Unmeasured confounding bias is among the largest threats to the validity of observational studies. Negative control variables have been introduced in the causal inference literature as a promising approach to account for unmeasured confounding bias by using auxiliary information. In this repo, we provide tools based on a Bayesian nonparametric method to estimate a causal exposure-response function (CERF) that, under assumptions, leverages information from negative control variables to address unmeasured confounding. We model the CERF as a mixture of linear models.
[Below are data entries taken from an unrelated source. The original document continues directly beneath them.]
(* Let $I=(G,T,k)$, $G=(V,E)$, be a Node Multiway Cut instance satisfying (R1) no two terminals are adjacent and $p(I)\ge 0$; (R2) no vertex of $V\setminus T$ is adjacent to two distinct terminals; (R3) for every terminal $t$ and every neighbour $w\in V\setminus T$ of $t$, the optimum of the LP-relaxation of $I$ with the additional constraint $d_w=0$ is strictly larger than $LP(I)$. Let $t\in T$ and let $w\in V\setminus T$ be a neighbour of $t$. Let $I_1=(G-w,T,k-1)$ and $I_2=(G/tw,T,k)$. Then $LP(I_1)\ge LP(I)-1/2$ and $LP(I_2)\ge LP(I)+1/2$; consequently $p(I_1)\le p(I)-1/2$ and $p(I_2)\le p(I)-1/2$. Moreover, $I$ is a YES-instance iff $I_1$ or $I_2$ is a YES-instance.
   Context: A Node Multiway Cut instance $I=(G,T,k)$ consists of a simple undirected graph $G=(V,E)$, a set $T\subseteq V$ of terminals and an integer $k$; it is a YES-instance iff there is a set $X\subseteq V\setminus T$ with $|X|\le k$ such that every path in $G$ between two distinct terminals contains a vertex of $X$. Let $\mathcal P(I)$ be the set of all simple paths in $G$ connecting two distinct terminals. The LP-relaxation of $I$ is: minimize $\sum_{v\in V\setminus T} d_v$ subject to $\sum_{v\in V(P)\setminus T} d_v\ge 1$ for every $P\in\mathcal P(I)$ and $d_v\ge 0$ for all $v\in V\setminus T$. $LP(I)$ denotes its optimum value and $p(I)=k-LP(I)$. $G-w$ is $G$ with vertex $w$ and its incident edges removed. For a terminal $t$ and a non-terminal neighbour $w$, $G/tw$ is obtained by deleting $t$ and $w$ and adding a new vertex adjacent to all vertices formerly adjacent to $t$ or $w$; this new vertex is identified with $t$, so the terminal set remains $T$. *)

From HB Require Import structures.
From mathcomp Require Import all_boot all_order all_algebra.
Set Implicit Arguments. Unset Strict Implicit. Unset Printing Implicit Defensive.
Import Order.TTheory GRing.Theory Num.Theory.

(* A Node Multiway Cut instance on an ambient finite vertex type V:
   the graph G has vertex set [vset] and (simple) adjacency [edge]
   (only edges between vertices of [vset] matter), terminal set [terms]
   and budget [budget] (an integer, since k-1 may be formed). *)
Record instance (V : finType) := Inst {
  vset : {set V};
  edge : rel V;
  terms : {set V};
  budget : int }.

Definition wf_instance (V : finType) (I : instance V) : Prop :=
  [/\ symmetric (edge I), irreflexive (edge I) & terms I \subset vset I].

Definition term_path (V : finType) (I : instance V) (p : seq V) : bool :=
  match p with
  | [::] => false
  | x :: q => [&& path (edge I) x q, uniq p, all (fun v => v \in vset I) p,
                 x \in terms I, last x q \in terms I & x != last x q]
  end.

Definition is_cut (V : finType) (I : instance V) (X : {set V}) : Prop :=
  X \subset vset I :\: terms I /\
  forall p, term_path I p -> has (fun v => v \in X) p.

Definition yes_instance (V : finType) (I : instance V) : Prop :=
  exists X : {set V}, is_cut I X /\ (Posz #|X| <= budget I)%R.

Local Open Scope ring_scope.

(* LP-relaxation: variables d_v for v in V \ T (d is a function on the
   ambient type; only its values on vset \ terms are relevant). *)
Definition lp_feasible (R : realFieldType) (V : finType) (I : instance V)
    (d : V -> R) : Prop :=
  (forall v, v \in vset I :\: terms I -> 0 <= d v) /\
  (forall p, term_path I p -> 1 <= \sum_(v <- p | v \notin terms I) d v).

Definition lp_cost (R : realFieldType) (V : finType) (I : instance V)
    (d : V -> R) : R := \sum_(v in vset I :\: terms I) d v.

Definition lp_opt_st (R : realFieldType) (V : finType) (I : instance V)
    (extra : (V -> R) -> Prop) (x : R) : Prop :=
  (exists d, [/\ lp_feasible I d, extra d & lp_cost I d = x]) /\
  (forall d, lp_feasible I d -> extra d -> x <= lp_cost I d).

Definition lp_opt (R : realFieldType) (V : finType) (I : instance V) (x : R) :=
  lp_opt_st I (fun _ => True) x.

Definition pval (R : realFieldType) (V : finType) (I : instance V) (x : R) : R :=
  (budget I)%:~R - x.

Definition del_inst (V : finType) (I : instance V) (w : V) : instance V :=
  Inst (vset I :\ w) (edge I) (terms I) (budget I - 1).

(* G / tw: w is deleted and t (the merged vertex) becomes adjacent to all
   vertices formerly adjacent to t or w; terminals and budget unchanged *)
Definition contr_inst (V : finType) (I : instance V) (t w : V) : instance V :=
  Inst (vset I :\ w)
       (fun x y => (x != y) && [|| edge I x y, (x == t) && edge I w y
                                 | (y == t) && edge I w x])
       (terms I) (budget I).

From HB Require Import structures.
From mathcomp Require Import all_boot all_order all_algebra zify lra.
Import Order.TTheory GRing.Theory Num.Theory.
Local Open Scope ring_scope.
Set Implicit Arguments. Unset Strict Implicit.

(* The key fact is the half-integrality of the LP relaxation: every feasible
   solution d can be rounded to a feasible solution with values in {0,1/2,1}
   and no larger cost.  We prove it by threshold rounding: let cap = min(d,1)
   on the non-terminals and let dist s v be the cap-length of a shortest s-v
   walk (truncated at 1); for r in (0,1/2], a non-terminal v gets 1/2 for every
   terminal s whose ball {u | dist s u < r} has v on its boundary, and at most
   1.  Each such rounding is feasible, and its cost averaged over r is at most
   half the cost of d, so some threshold r does not increase the cost; the
   average is a finite step-function integral over the breakpoints of r.

   After the
   rounding argument, (R1)-(R3) show that an optimal solution is positive at
   two vertices of every terminal path.  The contraction bound follows from
   (R3) and half-integrality; for the deletion bound, a half-valued optimum of
   G - w raised to 1 at w would be optimal for G, and then raising it to 1/2
   only would already give a feasible solution cheaper than LP(G). *)

Section NonnegSums.
Variables (R : realFieldType) (T : eqType) (F : T -> R) (P : pred T).

Lemma le_sum_sub (q p : seq T) :
  uniq q -> (forall x, x \in q -> P x -> x \in p) ->
  (forall x, x \in p -> P x -> 0 <= F x) ->
  \sum_(x <- q | P x) F x <= \sum_(x <- p | P x) F x.
Proof.
elim: p q => [|y p IH] q Uq Sq Fp.
  by rewrite big_nil big1_seq // => x /andP[Px /Sq /(_ Px)].
have Fp' x : x \in p -> P x -> 0 <= F x by move=> xp; apply: Fp; rewrite inE xp orbT.
rewrite big_cons; have [yq|yq] := boolP (y \in q).
  rewrite (perm_big _ (perm_to_rem yq)) big_cons.
  suff le_rem : \sum_(x <- rem y q | P x) F x <= \sum_(x <- p | P x) F x.
    by case: (P y); rewrite ?lerD2l.
  apply: IH (rem_uniq y Uq) _ Fp' => x xr Px.
  have := Sq x (mem_rem xr) Px; rewrite inE => /predU1P[xy|//].
  by move: xr; rewrite xy mem_rem_uniqF.
have le_p : \sum_(x <- q | P x) F x <= \sum_(x <- p | P x) F x.
  apply: IH Uq _ Fp' => x xq Px; have := Sq x xq Px.
  by rewrite inE => /predU1P[xy|//]; move: yq; rewrite -xy xq.
case: ifP => Py; last exact: le_p.
by rewrite -[X in X <= _]add0r lerD // Fp ?mem_head.
Qed.

Lemma le_sum_one (p : seq T) u :
  u \in p -> P u -> (forall x, x \in p -> P x -> 0 <= F x) ->
  F u <= \sum_(x <- p | P x) F x.
Proof.
move=> up Pu Fp; have := @le_sum_sub [:: u] p isT _ Fp.
by rewrite big_cons big_nil Pu addr0; apply=> x; rewrite inE => /eqP->.
Qed.

Lemma le_sum_two (p : seq T) u u' :
  u != u' -> u \in p -> u' \in p -> P u -> P u' ->
  (forall x, x \in p -> P x -> 0 <= F x) ->
  F u + F u' <= \sum_(x <- p | P x) F x.
Proof.
move=> uu' up u'p Pu Pu' Fp.
have := @le_sum_sub [:: u; u'] p; rewrite /= inE uu' !big_cons big_nil Pu Pu' addr0.
by apply=> // x; rewrite !inE => /orP[]/eqP->.
Qed.

End NonnegSums.

Lemma seq_argmin (R : realFieldType) (T : eqType) (l : seq T) (f : T -> R) :
  l != [::] -> exists2 x, x \in l & forall y, y \in l -> f x <= f y.
Proof.
elim: l => [//|y l IH] _; have [->|/IH[x xl xmin]] := eqVneq l [::].
  by exists y; rewrite ?mem_head // => z; rewrite inE => /eqP->.
have [fyx|fxy] := leP (f y) (f x).
  by exists y; rewrite ?mem_head // => z; rewrite inE => /predU1P[->//|/xmin/(le_trans fyx)].
exists x; first by rewrite inE xl orbT.
by move=> z; rewrite inE => /predU1P[->|/xmin //]; exact: ltW.
Qed.

Lemma bigmin_attained (R : realFieldType) (T : eqType) (r : seq T) (P : pred T)
    (F : T -> R) x0 :
  \big[Num.min/x0]_(i <- r | P i) F i = x0 \/
  exists2 i, i \in r & P i /\ \big[Num.min/x0]_(i <- r | P i) F i = F i.
Proof.
rewrite big_seq_cond; elim/big_ind: _ => [|a b|i /andP[ir Pi]]; [by left| |by right; exists i].
by rewrite minEle; case: ifP.
Qed.

Lemma path_crossing (T : eqType) (e : rel T) (P : pred T) x q :
  path e x q -> P x -> ~~ P (last x q) ->
  exists a b, [/\ e a b, P a, ~~ P b, a \in x :: q & b \in q].
Proof.
elim: q x => [|y q IH] x /=; first by move=> _ ->.
case/andP=> exy pq Px; have [Py|Py] := boolP (P y); last first.
  by move=> _; exists x, y; rewrite !mem_head.
case/(IH y pq Py) => a [b [eab Pa Pb ain bin]].
by exists a, b; split; rewrite // inE ?ain ?bin orbT.
Qed.

Section TerminalPaths.
Variables (V : finType) (J : instance V).

Lemma term_path_uniq p : term_path J p -> uniq p.
Proof. by case: p => [//|x p] /and5P[]. Qed.

Lemma term_path_vset p : term_path J p -> {subset p <= vset J}.
Proof. by case: p => [//|x p] /and5P[_ _ /allP]. Qed.

Lemma lazy_walk_term_path x q :
  path (fun a b => (a == b) || edge J a b) x q -> {subset x :: q <= vset J} ->
  x \in terms J -> last x q \in terms J -> x != last x q ->
  exists2 p, term_path J p & {subset p <= x :: q}.
Proof.
move=> pq qV xT; case: (shortenP pq) => p' pp' up' sp' lT xl.
have strict : path (edge J) x p'.
  elim: p' x pp' up' {sp' lT xl xT pq qV} => [//|y p' IH] x /= /andP[/orP[/eqP xy|exy] pp'].
    by rewrite xy inE eqxx.
  by case/andP=> _ up'; rewrite exy IH.
have sub : {subset x :: p' <= x :: q}.
  by move=> z; rewrite !inE => /predU1P[->|/sp' ->]; rewrite ?eqxx ?orbT.
exists (x :: p') => //; rewrite /term_path strict up' xT lT xl !andbT.
by apply/allP => z /sub /qV.
Qed.

Lemma walk_term_path x q :
  path (edge J) x q -> {subset x :: q <= vset J} ->
  x \in terms J -> last x q \in terms J -> x != last x q ->
  exists2 p, term_path J p & {subset p <= x :: q}.
Proof. by move=> pq; apply: lazy_walk_term_path; apply: sub_path pq => a b ->; rewrite orbT. Qed.

Lemma term_path_rev p : symmetric (edge J) -> term_path J p -> term_path J (rev p).
Proof.
case: p => [//|x q] symJ /and5P[pq uq aq xT /andP[lT xl]].
have rev_eq : rev (x :: q) = last x q :: rev (belast x q) by rewrite lastI rev_rcons.
have last_rev : last (last x q) (rev (belast x q)) = x.
  by case: q {pq uq aq lT xl rev_eq} => [//|y q] /=; rewrite rev_cons last_rcons.
have := rev_uniq (x :: q); have := all_rev (fun v => v \in vset J) (x :: q).
rewrite rev_eq /term_path => -> ->; rewrite last_rev lT xT eq_sym xl uq aq rev_path.
by rewrite (eq_path (e' := edge J)) => [|a b]; [rewrite pq | exact: symJ].
Qed.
A mixture model has the nice feature of capturing the potential nonlinearity of the shape of the CERF while maintaining computational efficiency and leveraging closed-form results that are available under the linear assumption.

Repo Structure

In the src folder, we provide functions to fit a gaussian linear mixed model based on Bayesian nonparametric methods with and without using negative control exposures and outcomes.

In the simulation folder, we assess the performance of this method by simulation studies and demonstrate that it can recover the true shape of the CERF in the presence of unmeasured confounding.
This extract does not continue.